3. The method defined in claim 2 wherein the data specifies the flow has been closed comprises data indicating destruction of the network connection.
4. The method defined in claim 2 wherein the data specifies the flow has been closed comprises data indicating instantiation of a new network connection between the two network devices.
5. The method defined in claim 1 further comprising:
maintaining state of the flow in a memory associated with the monitoring device; and
changing the state of the flow to indicate the flow has closed when the monitoring device does not receive a packet with data specifying the flow has closed.
6. The method defined in claim 1 further comprising injecting a packet into a packet stream in the monitoring device, the packet stream representing the flow of packets in the monitoring device.
7. The method defined in claim 1 further comprising:
maintaining state of the flow in a memory associated with the monitoring device; and
changing the state of the flow to indicate a new flow has opened between the two network devices when the monitoring device does not receive a packet in the flow with data specifying the flow has closed.
8. The method defined in claim 1 wherein the flow comprises a Transmission Control Protocol (TCP) flow.
9. An article of manufacture having one or more computer readable storage media storing instructions which, when executed by a monitoring device in a network, cause the device to perform a method comprising:
monitoring a flow of packets that are part of a connection between two network devices in a network, the monitoring device being located in the network at one side of the connection; and
passively determining a state of the flow while monitoring the flow, including determining at least one state of the flow without receiving data in the flow of packets that specifies the flow is in the at least one state.
10. The article of manufacture defined in claim 9 wherein determining at least one state of the flow without receiving data in the flow of packets that specifies the flow is in the at least one state comprises determining the flow has been closed without receiving a packet in the flow with data that specifies the flow has been closed.
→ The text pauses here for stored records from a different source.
Definition parent_edge u := odflt e0 [pick e | parent_step u e].

Lemma parent_edgeP u : u != r -> parent_step u (parent_edge u).
Proof.
move=> /exists_parent_step [e he]; rewrite /parent_edge.
by case: pickP => [//|h]; rewrite h in he.
Qed.

(* Each vertex other than the root has an edge towards a vertex strictly closer
   to it, and these edges are pairwise distinct. *)
Lemma card_V_le_edges : #|V| <= #|[pred e | F e]|.+1.
Proof.
have hinj : {in predC1 r &, injective parent_edge}.
  move=> u w hu hw heq; apply/eqP; apply/negPn/negP => hne.
  have := parent_edgeP hu; have := parent_edgeP hw; rewrite /parent_step heq.
  case/andP=> _ /orP [] /andP [/eqP h1 h2] /andP [_ /orP [] /andP [/eqP h3 h4]];
    rewrite ?h1 ?h3 in h2 h4.
  - by rewrite -h1 -h3 eqxx in hne.
  - by have := ltn_trans h2 h4; rewrite ltnn.
  - by have := ltn_trans h2 h4; rewrite ltnn.
  - by rewrite -h1 -h3 eqxx in hne.
have := card_in_imset hinj; rewrite cardC1 => h.
have hsub : parent_edge @: predC1 r \subset [set e | F e].
  apply/subsetP => x /imsetP [u hu ->]; rewrite inE.
  by case/andP: (parent_edgeP hu).
have := subset_leq_card hsub; rewrite h cardsE.
have : 0 < #|V| by apply/card_gt0P; exists r.
by case: #|V|.
Qed.

End SpanningCount.
Lemma pihomogM (K : fieldType) n (mf : measure n) d e (p q : {mpoly K[n]}) :
  p \is d.-homog for mf -> pihomog mf (e + d) (q * p) = pihomog mf e q * p.
Proof.
move=> pd; elim/mpolyind: q => [|c m q _ _ IH]; first by rewrite mul0r !raddf0 mul0r.
rewrite mulrDl !raddfD /= IH mulrDl; congr (_ + _).
have cmp : c *: 'X_[m] * p \is (mf m + d).-homog for mf.
  by apply: dhomogM => //; apply: dhomogZ; rewrite dhomogX.
rewrite !linearZ /= pihomogX -scalerAl; case: eqP => [<-|me].
  by rewrite scalerAl pihomog_dE.
by rewrite scaler0 mul0r scalerAl (pihomog_ne0 _ cmp) // eqn_add2r; apply/eqP.
Qed.

Lemma exists_lexmin (T : eqType) (s : seq T) (f g : T -> nat) : s != [::] ->
  exists2 x, x \in s & (forall y, y \in s -> f x <= f y)%N /\
                       (forall y, y \in s -> f y = f x -> g x <= g y)%N.
Proof.
case: s => // x0 s _.
have ex_f : exists a, has (fun y => f y == a) (x0 :: s) by exists (f x0); rewrite /= eqxx.
case: (ex_minnP ex_f) => a /hasP [y0 y0s /eqP fy0] min_a.
have ex_g : exists b, has (fun y => (f y == a) && (g y == b)) (x0 :: s).
  by exists (g y0); apply/hasP; exists y0; rewrite ?fy0 ?eqxx.
case: (ex_minnP ex_g) => b /hasP [x xs /andP [/eqP fx /eqP gx]] min_b.
exists x => //; split => [y ys|y ys fy]; first by rewrite fx; apply: min_a; apply/hasP; exists y.
by rewrite gx; apply: min_b; apply/hasP; exists y; rewrite // fy fx !eqxx.
Qed.

Lemma ord3P (j : 'I_3) : [\/ j = 0, j = 1 | j = 2].
Proof.
by case: j => [[|[|[|k]]] jlt] //=; [constructor 1|constructor 2|constructor 3]; apply/val_inj.
Qed.

Lemma ord3_other (j0 f g j : 'I_3) :
  f != g -> f != j0 -> g != j0 -> j != j0 -> j = f \/ j = g.
Proof.
move=> fg fj gj jj0.
case: (ord3P j) jj0 => -> jj0; case: (ord3P j0) fj gj jj0 => -> fj gj jj0;
case: (ord3P f) fg fj => -> fg fj; case: (ord3P g) fg gj => -> fg gj;
first [by left | by right | by []].
Qed.

Lemma big_ord3 (V : nmodType) (F : 'I_3 -> V) : \sum_(j < 3) F j = F 0 + F 1 + F 2.
Proof.
rewrite !big_ord_recr big_ord0 /= add0r; congr (F _ + F _ + F _); exact: val_inj.
Qed.

(** * The foliation *)

Section WeightedDegree.
Variables l0 l1 l2 : nat.
Local Notation wdeg := (wdeg l0 l1 l2).

Lemma wdegE m : wdeg m = (l0 * m 0%R + l1 * m 1%R + l2 * m 2%R)%N.
Proof.
by rewrite /wdeg !big_ord_recr big_ord0 /= add0n; congr (_ * m _ + _ * m _ + _ * m _);
  apply: val_inj.
Qed.

Lemma wdeg0 : wdeg 0%MM = 0%N.
Proof. by rewrite wdegE !mnm0E !muln0. Qed.

Lemma wdegD : {morph wdeg : m1 m2 / (m1 + m2)%MM >-> (m1 + m2)%N}.
Proof. by move=> m1 m2; rewrite !wdegE !mnmDE; ring. Qed.

HB.instance Definition _ := isMeasure.Build 3 wdeg wdeg0 wdegD.

Lemma qhomog_dhomog (K : fieldType) d (p : {mpoly K[3]}) :
  qhomog l0 l1 l2 d p -> p \is d.-homog for wdeg.
Proof. by move=> pd; apply/dhomogP => m /pd. Qed.

Lemma euler_relation (K : fieldType) d (p : {mpoly K[3]}) : p \is d.-homog for wdeg ->
  l0%:R * meuler 0 p + l1%:R * meuler 1 p + l2%:R * meuler 2 p = d%:R * p.
Proof.
move=> /dhomogP pd; apply/mpolyP => m; rewrite -!mpolyC_nat !mcoeffD !mcoeffCM !mcoeff_meuler.
have [/pd <-|/memN_msupp_eq0 ->] := boolP (m \in msupp p); last by rewrite !mulr0 !addr0.
by rewrite -[Measure.sort _ m]/(wdeg m) wdegE !natrD !natrM; ring.
Qed.

End WeightedDegree.

Lemma closed_prim_root_exists (C : closedFieldType) n :
  (0 < n)%N -> n%:R != 0 :> C -> exists z : C, n.-primitive_root z.
Proof.
move=> n_gt0 n0; have [r Dp] := closed_field_poly_normal ('X^n - 1 : {poly C}).
rewrite (monicP _) ?monicXnsubC // scale1r in Dp.
have rn1 : all n.-unity_root r by apply/allP => z; rewrite -root_prod_XsubC -Dp.
have sz_r : (n < (size r).+1)%N by rewrite -(size_prod_XsubC r id) -Dp size_XnsubC.
have [|z] := hasP (has_prim_root n_gt0 rn1 _ sz_r); last by exists z.
by rewrite -separable_prod_XsubC -Dp separable_Xn_sub_1.
Qed.

Section Foliation.
Variable C : numClosedFieldType.
Variables (l0 l1 l2 : nat) (lam mu gam : C).
Hypotheses (l0_gt0 : (0 < l0)%N) (l1_gt0 : (0 < l1)%N) (l2_gt0 : (0 < l2)%N).
Hypothesis lmg_indep : Zlin_indep3 lam mu gam.
Local Notation P := {mpoly C[3]}.
Local Notation G := (Gpoly C l0 l1 l2).
Local Notation beta := (beta l0 l1 l2 lam mu gam).
Local Notation s := (lam + mu + gam).
Local Notation L := (l0 * l1 * l2)%N.
Local Notation wdeg := (wdeg l0 l1 l2).
Local Notation hom d p := (p \is d.-homog for wdeg).
Implicit Types (p q : P) (m : 'X_{1..3}).

Definition Gexp (i : 'I_3) : nat :=
  if val i == 0%N then l1 * l2 else if val i == 1%N then l0 * l2 else l0 * l1.

Definition Gmon i : 'X_{1..3} := (U_(i) *+ Gexp i)%MM.

Definition resid (i : 'I_3) : C :=
  if val i == 0%N then lam else if val i == 1%N then mu else gam.
(* Fix $l,r>0$, $0<\alpha<\beta<1$ and diffusion constants $D_1\neq D_2$, and let $\delta=\frac{D_2-D_1}{D_2+D_1}$. For every $Q_0\in\mathbb{R}$ there is a unique $A(Q_0)\in(0,A_M)$ with $G_2(Q_0,A(Q_0),\delta)=0$. Furthermore $\lim_{Q_0\to\pm\infty}A(Q_0)=l$. Let $Q_0^*=Q_0^-$ if $\delta>0$ and $Q_0^*=Q_0^+$ if $\delta<0$, where $Q_0^-<0$ (for $\delta>0$) is the number such that $\partial_{Q_0}A$ has the same sign as $l-r$ for $Q_0>Q_0^-$ and the opposite sign for $Q_0<Q_0^-$, and $Q_0^+>0$ (for $\delta<0$) is the number such that $\partial_{Q_0}A$ has the sign opposite to $l-r$ for $Q_0<Q_0^+$ and the same sign for $Q_0>Q_0^+$. Then for all $Q_0\in\mathbb{R}$: (a) if $l<r$ then $l\le A(Q_0)\le A(Q_0^* )$; (b) if $l>r$ then $A(Q_0^* )\le A(Q_0)\le l$; (c) if $l=r$ then $A(Q_0)=l=r=A(Q_0^* )$.
   Context: Setting: reduction of the steady zero-current Poisson–Nernst–Planck problem for two ion species with valences $\pm1$; $l,r>0$ are boundary concentrations, the permanent charge is $2Q_0$ on $(a,b)$ and $0$ elsewhere in $(0,1)$, $\alpha=H(a)/H(1)$, $\beta=H(b)/H(1)$ with $H(x)=\int_0^x ds/h(s)$, $h>0$ the cross-sectional area. For $Q_0\in\mathbb{R}$, $A>0$ define $B=\frac{1-\beta}{\alpha}(l-A)+r$, $A_M=l+\frac{\alpha}{1-\beta}r$, $S_a=\sqrt{Q_0^2+A^2}$, $S_b=\sqrt{Q_0^2+B^2}$, $N=A-l+S_a-S_b$, and $G_2(Q_0,A,\delta)=\delta Q_0\ln\frac{S_a+\delta Q_0}{S_b+\delta Q_0}-N$. *)

From Stdlib Require Import Reals.
From Coquelicot Require Import Coquelicot.
Open Scope R_scope.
11. The article of manufacture defined in claim 9 wherein the method further comprises:
maintaining state of the flow in a memory associated with the monitoring device; and
changing the state of the flow to indicate the flow has closed when the monitoring device does not receive a packet with data specifying the flow has closed.
12. The article of manufacture defined in claim 9 wherein the method further comprises injecting a packet into a packet stream in the monitoring device, the packet stream representing the flow of packets in the monitoring device.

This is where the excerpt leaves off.